___ Supplied records ___
(* Peel off the last root: S_{n+1} = e^{-i th} S_n + e^{i(n+1) th}. *)
Lemma Csum_Cexpi_chebU th n :
  Csum 0 n (fun i => Cexpi ((2 * INR i - INR n) * th)) = (chebU n (cos th), 0).
Proof.
induction n as [|n IH].
- cbn; replace ((2 * 0 - 0) * th) with 0 by ring.
  unfold Cexpi; rewrite cos_0, sin_0; CC_ring.
- rewrite Csum_Clsum in *.
  replace (S (S n) - 0)%nat with (S n - 0 + 1)%nat by lia.
  rewrite seq_app, Clsum_app.
  rewrite (Clsum_ext _ _ (fun i => Cmul (Cexpi ((2 * INR i - INR n) * th)) (Cexpi (- th)))).
  + rewrite Clsum_mulr, IH; cbn [Clsum fold_right seq Nat.add Nat.sub].
    destruct (chebU_cos th n) as [sin_eq cos_eq].
    replace ((2 * INR (S n) - INR (S n)) * th) with (INR (S n) * th) by ring.
    unfold Cexpi; rewrite cos_neg, sin_neg, cos_eq, <- sin_eq; CC_ring.
  + intros i _; rewrite <- Cexpi_plus, S_INR; f_equal; ring.
Qed.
___
* Task instructions
Retype all of the records above, word for word.

* Answer section
(* Peel off the last root: S_{n+1} = e^{-i th} S_n + e^{i(n+1) th}. *)
Lemma Csum_Cexpi_chebU th n :
  Csum 0 n (fun i => Cexpi ((2 * INR i - INR n) * th)) = (chebU n (cos th), 0).
Proof.
induction n as [|n IH].
- cbn; replace ((2 * 0 - 0) * th) with 0 by ring.
  unfold Cexpi; rewrite cos_0, sin_0; CC_ring.
- rewrite Csum_Clsum in *.
  replace (S (S n) - 0)%nat with (S n - 0 + 1)%nat by lia.
  rewrite seq_app, Clsum_app.
  rewrite (Clsum_ext _ _ (fun i => Cmul (Cexpi ((2 * INR i - INR n) * th)) (Cexpi (- th)))).
  + rewrite Clsum_mulr, IH; cbn [Clsum fold_right seq Nat.add Nat.sub].
    destruct (chebU_cos th n) as [sin_eq cos_eq].
    replace ((2 * INR (S n) - INR (S n)) * th) with (INR (S n) * th) by ring.
    unfold Cexpi; rewrite cos_neg, sin_neg, cos_eq, <- sin_eq; CC_ring.
  + intros i _; rewrite <- Cexpi_plus, S_INR; f_equal; ring.
Qed.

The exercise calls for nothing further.